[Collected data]
*** Block opens ***

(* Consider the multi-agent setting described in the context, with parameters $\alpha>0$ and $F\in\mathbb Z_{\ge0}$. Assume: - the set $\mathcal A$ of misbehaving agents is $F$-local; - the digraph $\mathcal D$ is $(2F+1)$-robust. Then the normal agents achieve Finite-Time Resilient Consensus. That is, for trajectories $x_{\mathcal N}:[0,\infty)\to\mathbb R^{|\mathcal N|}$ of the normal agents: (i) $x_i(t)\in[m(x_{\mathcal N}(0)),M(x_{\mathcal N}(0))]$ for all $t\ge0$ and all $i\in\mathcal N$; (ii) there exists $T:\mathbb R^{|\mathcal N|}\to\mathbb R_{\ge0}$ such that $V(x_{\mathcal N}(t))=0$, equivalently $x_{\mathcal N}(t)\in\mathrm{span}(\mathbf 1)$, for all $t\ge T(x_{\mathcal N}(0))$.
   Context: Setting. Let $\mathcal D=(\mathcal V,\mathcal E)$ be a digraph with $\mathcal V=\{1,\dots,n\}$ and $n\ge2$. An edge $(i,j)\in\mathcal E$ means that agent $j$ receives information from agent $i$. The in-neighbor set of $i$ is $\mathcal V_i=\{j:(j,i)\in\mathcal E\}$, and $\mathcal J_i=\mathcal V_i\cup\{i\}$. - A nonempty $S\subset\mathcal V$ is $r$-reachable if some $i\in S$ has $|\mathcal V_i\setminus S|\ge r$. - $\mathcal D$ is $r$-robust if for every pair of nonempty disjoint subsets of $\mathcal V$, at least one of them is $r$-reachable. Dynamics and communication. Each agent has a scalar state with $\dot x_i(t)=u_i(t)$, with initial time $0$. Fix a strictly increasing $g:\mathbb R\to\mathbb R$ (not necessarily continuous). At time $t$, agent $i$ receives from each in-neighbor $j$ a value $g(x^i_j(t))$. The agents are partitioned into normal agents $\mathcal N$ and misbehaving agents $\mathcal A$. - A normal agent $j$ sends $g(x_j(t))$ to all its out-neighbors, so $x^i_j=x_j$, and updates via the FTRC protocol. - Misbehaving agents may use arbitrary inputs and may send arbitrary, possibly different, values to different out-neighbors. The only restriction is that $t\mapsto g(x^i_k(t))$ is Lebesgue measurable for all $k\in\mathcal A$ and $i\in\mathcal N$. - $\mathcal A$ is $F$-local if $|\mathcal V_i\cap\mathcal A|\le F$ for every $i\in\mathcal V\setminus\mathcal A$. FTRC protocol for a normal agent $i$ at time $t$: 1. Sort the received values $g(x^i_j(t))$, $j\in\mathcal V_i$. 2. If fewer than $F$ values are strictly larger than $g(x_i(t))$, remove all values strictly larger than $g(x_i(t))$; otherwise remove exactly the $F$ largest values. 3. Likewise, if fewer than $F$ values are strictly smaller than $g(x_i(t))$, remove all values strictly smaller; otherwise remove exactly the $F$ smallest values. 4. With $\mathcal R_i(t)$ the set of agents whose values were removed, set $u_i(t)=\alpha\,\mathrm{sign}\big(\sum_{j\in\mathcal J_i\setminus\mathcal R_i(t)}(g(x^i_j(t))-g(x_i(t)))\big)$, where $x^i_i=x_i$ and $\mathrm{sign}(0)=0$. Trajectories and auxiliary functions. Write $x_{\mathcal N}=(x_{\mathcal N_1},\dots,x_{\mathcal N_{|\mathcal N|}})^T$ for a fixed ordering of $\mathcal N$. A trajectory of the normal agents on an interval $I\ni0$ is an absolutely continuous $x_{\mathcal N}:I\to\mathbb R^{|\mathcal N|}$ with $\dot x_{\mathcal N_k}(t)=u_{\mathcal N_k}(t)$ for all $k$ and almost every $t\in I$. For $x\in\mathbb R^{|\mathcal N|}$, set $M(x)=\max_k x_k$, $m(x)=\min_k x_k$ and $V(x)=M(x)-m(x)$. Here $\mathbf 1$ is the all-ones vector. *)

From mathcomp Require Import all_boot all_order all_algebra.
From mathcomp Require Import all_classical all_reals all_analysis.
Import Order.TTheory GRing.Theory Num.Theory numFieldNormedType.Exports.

*** Block closes ***
*** Block opens ***

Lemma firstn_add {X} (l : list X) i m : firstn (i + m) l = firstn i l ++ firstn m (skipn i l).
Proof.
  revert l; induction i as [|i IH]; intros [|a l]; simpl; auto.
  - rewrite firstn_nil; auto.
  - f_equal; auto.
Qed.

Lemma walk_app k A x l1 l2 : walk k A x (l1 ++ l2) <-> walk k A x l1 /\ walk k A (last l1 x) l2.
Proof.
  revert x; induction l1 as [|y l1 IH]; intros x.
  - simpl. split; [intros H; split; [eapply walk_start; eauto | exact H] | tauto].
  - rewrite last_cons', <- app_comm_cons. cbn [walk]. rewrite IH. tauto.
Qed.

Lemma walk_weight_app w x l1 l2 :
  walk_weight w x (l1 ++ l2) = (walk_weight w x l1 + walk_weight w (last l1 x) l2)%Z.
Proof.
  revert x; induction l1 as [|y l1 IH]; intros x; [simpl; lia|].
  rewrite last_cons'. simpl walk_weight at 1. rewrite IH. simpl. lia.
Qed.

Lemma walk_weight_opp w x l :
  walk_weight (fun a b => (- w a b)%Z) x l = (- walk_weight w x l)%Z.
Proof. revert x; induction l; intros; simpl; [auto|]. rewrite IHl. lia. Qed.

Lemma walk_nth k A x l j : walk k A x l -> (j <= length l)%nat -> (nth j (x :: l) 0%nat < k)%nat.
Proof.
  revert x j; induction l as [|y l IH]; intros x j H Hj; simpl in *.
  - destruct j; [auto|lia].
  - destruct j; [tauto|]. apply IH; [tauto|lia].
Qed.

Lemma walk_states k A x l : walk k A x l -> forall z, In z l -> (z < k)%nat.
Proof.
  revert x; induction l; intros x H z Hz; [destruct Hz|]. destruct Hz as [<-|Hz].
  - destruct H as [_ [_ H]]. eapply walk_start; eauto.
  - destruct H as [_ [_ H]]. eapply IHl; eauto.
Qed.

*** Block closes ***

**ACTIVITY**
Scan the records for the word "Import", and copy each line where it is found.

**TASK SOLUTION**
From mathcomp Require Import all_boot all_order all_algebra.
From mathcomp Require Import all_classical all_reals all_analysis.
Import Order.TTheory GRing.Theory Num.Theory numFieldNormedType.Exports.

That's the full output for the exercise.